Lemma logn2_dvd_double m k : (0 < k)%N -> (m %| 2 * k)%N -> ~~ (m %| k)%N ->
  logn 2 m = (logn 2 k).+1.
Proof.
move=> k_gt0 m_2k m_k; have k2_gt0 : (0 < 2 * k)%N by rewrite muln_gt0 k_gt0.
have m_gt0 := dvdn_gt0 k2_gt0 m_2k.
have := dvdn_leq_log 2 k2_gt0 m_2k; rewrite lognM // (logn_prime _ (isT : prime 2)).
rewrite leq_eqVlt ltnS => /orP[/eqP //|wk]; case/negP: m_k.
have [mo] := pfactor_coprime (isT : prime 2) m_gt0; rewrite coprime_sym => mo_odd m_eq.
rewrite m_eq Gauss_dvd ?coprimeXr // -(@Gauss_dvdr mo 2 k mo_odd) pfactor_dvdn // wk andbT.
by apply: dvdn_trans m_2k; rewrite [X in (_ %| X)%N]m_eq dvdn_mulr.
Qed.

Lemma is_mult_order_dvdn n (r : int) m j : is_mult_order n r m ->
  (m %| j)%N = (n%:Z %| r ^+ j - 1)%Z.
Proof.
case=> m_gt0 [nm m_min]; have r_pow1 i : (n%:Z %| (r ^+ m) ^+ i - 1)%Z.
  by apply: dvdz_trans nm _; rewrite -[1 in X in (_ %| X)%Z](expr1n _ i) dvdz_subXX.
apply/idP/idP => [/dvdnP[q ->]|nj]; first by rewrite mulnC exprM r_pow1.
have : (n%:Z %| r ^+ (j %% m) - 1)%Z.
  have -> : r ^+ (j %% m) - 1 = (r ^+ j - 1) - r ^+ (j %% m) * ((r ^+ m) ^+ (j %/ m) - 1).
    by rewrite {2}(divn_eq j m) exprD mulnC exprM; ring.
  by rewrite rpredB // dvdz_mull // r_pow1.
case: (posnP (j %% m)) => [jm0|jm_gt0]; first by rewrite /dvdn jm0.
by move/(m_min _ jm_gt0 (ltn_pmod j m_gt0)).
Qed.

Lemma dvdz_subXX_ratio n (a b r : int) j : coprimez n%:Z b -> (n%:Z %| r * b - a)%Z ->
  (n%:Z %| r ^+ j - 1)%Z = (n%:Z %| a ^+ j - b ^+ j)%Z.
Proof.
move=> nb nr; rewrite -(Gauss_dvdzr _ (coprimezXr j nb)).
have -> : b ^+ j * (r ^+ j - 1) = ((r * b) ^+ j - a ^+ j) + (a ^+ j - b ^+ j).
  by rewrite exprMn; ring.
by rewrite rpredDl // (dvdz_trans nr (dvdz_subXX _ _ _)).
Qed.

Lemma ord_ab_gt0 n a b m : ord_ab n a b m -> (0 < m)%N.
Proof. by case=> _ [r [_ []]]. Qed.

Lemma ord_ab_dvdn n a b m j : ord_ab n a b m ->
  (m %| j)%N = (n%:Z %| a ^+ j - b ^+ j)%Z.
Proof.
case=> + [r [nr r_ord]]; rewrite coprimezMr => /andP[_ nb].
by rewrite (is_mult_order_dvdn j r_ord) (dvdz_subXX_ratio j nb nr).
Qed.

Lemma ord_ab_exists n a b j : coprimez n%:Z (a * b) -> (0 < j)%N ->
  (n%:Z %| a ^+ j - b ^+ j)%Z -> exists m, ord_ab n a b m.
Proof.
move=> nab j_gt0 nj; have /andP[_ nb] : coprimez n a && coprimez n b by rewrite -coprimezMr.
have [[u v] /= uv] := coprimezP _ _ nb.
have nr : (n%:Z %| a * v * b - a)%Z.
  have -> : a * v * b - a = a * (u * n%:Z + v * b - 1) - a * u * n%:Z by ring.
  by rewrite uv subrr mulr0 sub0r rpredN dvdz_mull.
pose P i := (0 < i)%N && (n%:Z %| (a * v) ^+ i - 1)%Z.
have : exists i, P i by exists j; rewrite /P j_gt0 (dvdz_subXX_ratio j nb nr).
case/ex_minnP=> m /andP[m_gt0 nm] m_min; exists m; split=> //; exists (a * v).
split=> //; split=> //; split=> // i i_gt0 im ni.
by have := m_min i; rewrite /P i_gt0 ni leqNgt im => /(_ isT).
Qed.

Lemma prime_dvd_addXX_coprime p a b k : coprimez a b -> prime p -> (0 < k)%N ->
  (p%:Z %| a ^+ k + b ^+ k)%Z -> coprimez p%:Z b.
Proof.
move=> ab p_pr k_gt0 p_sum; rewrite prime_coprimez //; apply/negP => pb.
have pa : (p%:Z %| a)%Z.
  apply: (@primez_dvdX p a k p_pr).
  by rewrite -(rpredDr _ (dvdz_exp k_gt0 pb)).
have : (p%:Z %| gcdz a b)%Z by rewrite dvdz_gcd pa.
by rewrite (eqP ab) dvdz1 /= => /eqP p1; rewrite p1 in p_pr.
Qed.

Lemma ord_ab_of_dvd_addXX p a b k : coprimez a b -> prime p -> odd p -> (0 < k)%N ->
  (p%:Z %| a ^+ k + b ^+ k)%Z -> exists m, ord_ab p a b m /\ pow2_exact (logn 2 k).+1 m%:Z.
Proof.
move=> ab p_pr p_odd k_gt0 p_sum.
have pb := prime_dvd_addXX_coprime ab p_pr k_gt0 p_sum.
have pa : coprimez p%:Z a.
  rewrite coprimez_sym in ab; rewrite addrC in p_sum.
  exact: prime_dvd_addXX_coprime ab p_pr k_gt0 p_sum.
have p_sub2k : (p%:Z %| a ^+ (2 * k) - b ^+ (2 * k))%Z.
  have -> : a ^+ (2 * k) - b ^+ (2 * k) = (a ^+ k - b ^+ k) * (a ^+ k + b ^+ k).
    by rewrite mulnC !exprM; ring.
  exact: dvdz_mull.
have pab : coprimez p%:Z (a * b) by rewrite coprimezMr pa pb.
have k2_gt0 : (0 < 2 * k)%N by rewrite muln_gt0 k_gt0.
have [m om] := ord_ab_exists pab k2_gt0 p_sub2k.
exists m; split=> //; rewrite pow2_exact_natE ?(ord_ab_gt0 om) //.
apply: logn2_dvd_double k_gt0 _ _; rewrite (ord_ab_dvdn _ om) //.
apply/negP => p_sub.
have : (p%:Z %| 2 * b ^+ k)%Z.
  have -> : 2 * b ^+ k = (a ^+ k + b ^+ k) - (a ^+ k - b ^+ k) by ring.
  by rewrite rpredB.
rewrite Gauss_dvdzl ?coprimezXr // dvdzE /= dvdn_prime2 // => /eqP p2.
by rewrite p2 in p_odd.
Qed.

◇ ◇ ◇ ◇ ◇ ◇ ◇

Exercise — Once more, give all the records exactly as they were written.

Response below —
Lemma logn2_dvd_double m k : (0 < k)%N -> (m %| 2 * k)%N -> ~~ (m %| k)%N ->
  logn 2 m = (logn 2 k).+1.
Proof.
move=> k_gt0 m_2k m_k; have k2_gt0 : (0 < 2 * k)%N by rewrite muln_gt0 k_gt0.
have m_gt0 := dvdn_gt0 k2_gt0 m_2k.
have := dvdn_leq_log 2 k2_gt0 m_2k; rewrite lognM // (logn_prime _ (isT : prime 2)).
rewrite leq_eqVlt ltnS => /orP[/eqP //|wk]; case/negP: m_k.
have [mo] := pfactor_coprime (isT : prime 2) m_gt0; rewrite coprime_sym => mo_odd m_eq.
rewrite m_eq Gauss_dvd ?coprimeXr // -(@Gauss_dvdr mo 2 k mo_odd) pfactor_dvdn // wk andbT.
by apply: dvdn_trans m_2k; rewrite [X in (_ %| X)%N]m_eq dvdn_mulr.
Qed.

Lemma is_mult_order_dvdn n (r : int) m j : is_mult_order n r m ->
  (m %| j)%N = (n%:Z %| r ^+ j - 1)%Z.
Proof.
case=> m_gt0 [nm m_min]; have r_pow1 i : (n%:Z %| (r ^+ m) ^+ i - 1)%Z.
  by apply: dvdz_trans nm _; rewrite -[1 in X in (_ %| X)%Z](expr1n _ i) dvdz_subXX.
apply/idP/idP => [/dvdnP[q ->]|nj]; first by rewrite mulnC exprM r_pow1.
have : (n%:Z %| r ^+ (j %% m) - 1)%Z.
  have -> : r ^+ (j %% m) - 1 = (r ^+ j - 1) - r ^+ (j %% m) * ((r ^+ m) ^+ (j %/ m) - 1).
    by rewrite {2}(divn_eq j m) exprD mulnC exprM; ring.
  by rewrite rpredB // dvdz_mull // r_pow1.
case: (posnP (j %% m)) => [jm0|jm_gt0]; first by rewrite /dvdn jm0.
by move/(m_min _ jm_gt0 (ltn_pmod j m_gt0)).
Qed.

Lemma dvdz_subXX_ratio n (a b r : int) j : coprimez n%:Z b -> (n%:Z %| r * b - a)%Z ->
  (n%:Z %| r ^+ j - 1)%Z = (n%:Z %| a ^+ j - b ^+ j)%Z.
Proof.
move=> nb nr; rewrite -(Gauss_dvdzr _ (coprimezXr j nb)).
have -> : b ^+ j * (r ^+ j - 1) = ((r * b) ^+ j - a ^+ j) + (a ^+ j - b ^+ j).
  by rewrite exprMn; ring.
by rewrite rpredDl // (dvdz_trans nr (dvdz_subXX _ _ _)).
Qed.

Lemma ord_ab_gt0 n a b m : ord_ab n a b m -> (0 < m)%N.
Proof. by case=> _ [r [_ []]]. Qed.

Lemma ord_ab_dvdn n a b m j : ord_ab n a b m ->
  (m %| j)%N = (n%:Z %| a ^+ j - b ^+ j)%Z.
Proof.
case=> + [r [nr r_ord]]; rewrite coprimezMr => /andP[_ nb].
by rewrite (is_mult_order_dvdn j r_ord) (dvdz_subXX_ratio j nb nr).
Qed.

Lemma ord_ab_exists n a b j : coprimez n%:Z (a * b) -> (0 < j)%N ->
  (n%:Z %| a ^+ j - b ^+ j)%Z -> exists m, ord_ab n a b m.
Proof.
move=> nab j_gt0 nj; have /andP[_ nb] : coprimez n a && coprimez n b by rewrite -coprimezMr.
have [[u v] /= uv] := coprimezP _ _ nb.
have nr : (n%:Z %| a * v * b - a)%Z.
  have -> : a * v * b - a = a * (u * n%:Z + v * b - 1) - a * u * n%:Z by ring.
  by rewrite uv subrr mulr0 sub0r rpredN dvdz_mull.
pose P i := (0 < i)%N && (n%:Z %| (a * v) ^+ i - 1)%Z.
have : exists i, P i by exists j; rewrite /P j_gt0 (dvdz_subXX_ratio j nb nr).
case/ex_minnP=> m /andP[m_gt0 nm] m_min; exists m; split=> //; exists (a * v).
split=> //; split=> //; split=> // i i_gt0 im ni.
by have := m_min i; rewrite /P i_gt0 ni leqNgt im => /(_ isT).
Qed.

Lemma prime_dvd_addXX_coprime p a b k : coprimez a b -> prime p -> (0 < k)%N ->
  (p%:Z %| a ^+ k + b ^+ k)%Z -> coprimez p%:Z b.
Proof.
move=> ab p_pr k_gt0 p_sum; rewrite prime_coprimez //; apply/negP => pb.
have pa : (p%:Z %| a)%Z.
  apply: (@primez_dvdX p a k p_pr).
  by rewrite -(rpredDr _ (dvdz_exp k_gt0 pb)).
have : (p%:Z %| gcdz a b)%Z by rewrite dvdz_gcd pa.
by rewrite (eqP ab) dvdz1 /= => /eqP p1; rewrite p1 in p_pr.
Qed.

Lemma ord_ab_of_dvd_addXX p a b k : coprimez a b -> prime p -> odd p -> (0 < k)%N ->
  (p%:Z %| a ^+ k + b ^+ k)%Z -> exists m, ord_ab p a b m /\ pow2_exact (logn 2 k).+1 m%:Z.
Proof.
move=> ab p_pr p_odd k_gt0 p_sum.
have pb := prime_dvd_addXX_coprime ab p_pr k_gt0 p_sum.
have pa : coprimez p%:Z a.
  rewrite coprimez_sym in ab; rewrite addrC in p_sum.
  exact: prime_dvd_addXX_coprime ab p_pr k_gt0 p_sum.
have p_sub2k : (p%:Z %| a ^+ (2 * k) - b ^+ (2 * k))%Z.
  have -> : a ^+ (2 * k) - b ^+ (2 * k) = (a ^+ k - b ^+ k) * (a ^+ k + b ^+ k).
    by rewrite mulnC !exprM; ring.
  exact: dvdz_mull.
have pab : coprimez p%:Z (a * b) by rewrite coprimezMr pa pb.
have k2_gt0 : (0 < 2 * k)%N by rewrite muln_gt0 k_gt0.
have [m om] := ord_ab_exists pab k2_gt0 p_sub2k.
exists m; split=> //; rewrite pow2_exact_natE ?(ord_ab_gt0 om) //.
apply: logn2_dvd_double k_gt0 _ _; rewrite (ord_ab_dvdn _ om) //.
apply/negP => p_sub.
have : (p%:Z %| 2 * b ^+ k)%Z.
  have -> : 2 * b ^+ k = (a ^+ k + b ^+ k) - (a ^+ k - b ^+ k) by ring.
  by rewrite rpredB.
rewrite Gauss_dvdzl ?coprimezXr // dvdzE /= dvdn_prime2 // => /eqP p2.
by rewrite p2 in p_odd.
Qed.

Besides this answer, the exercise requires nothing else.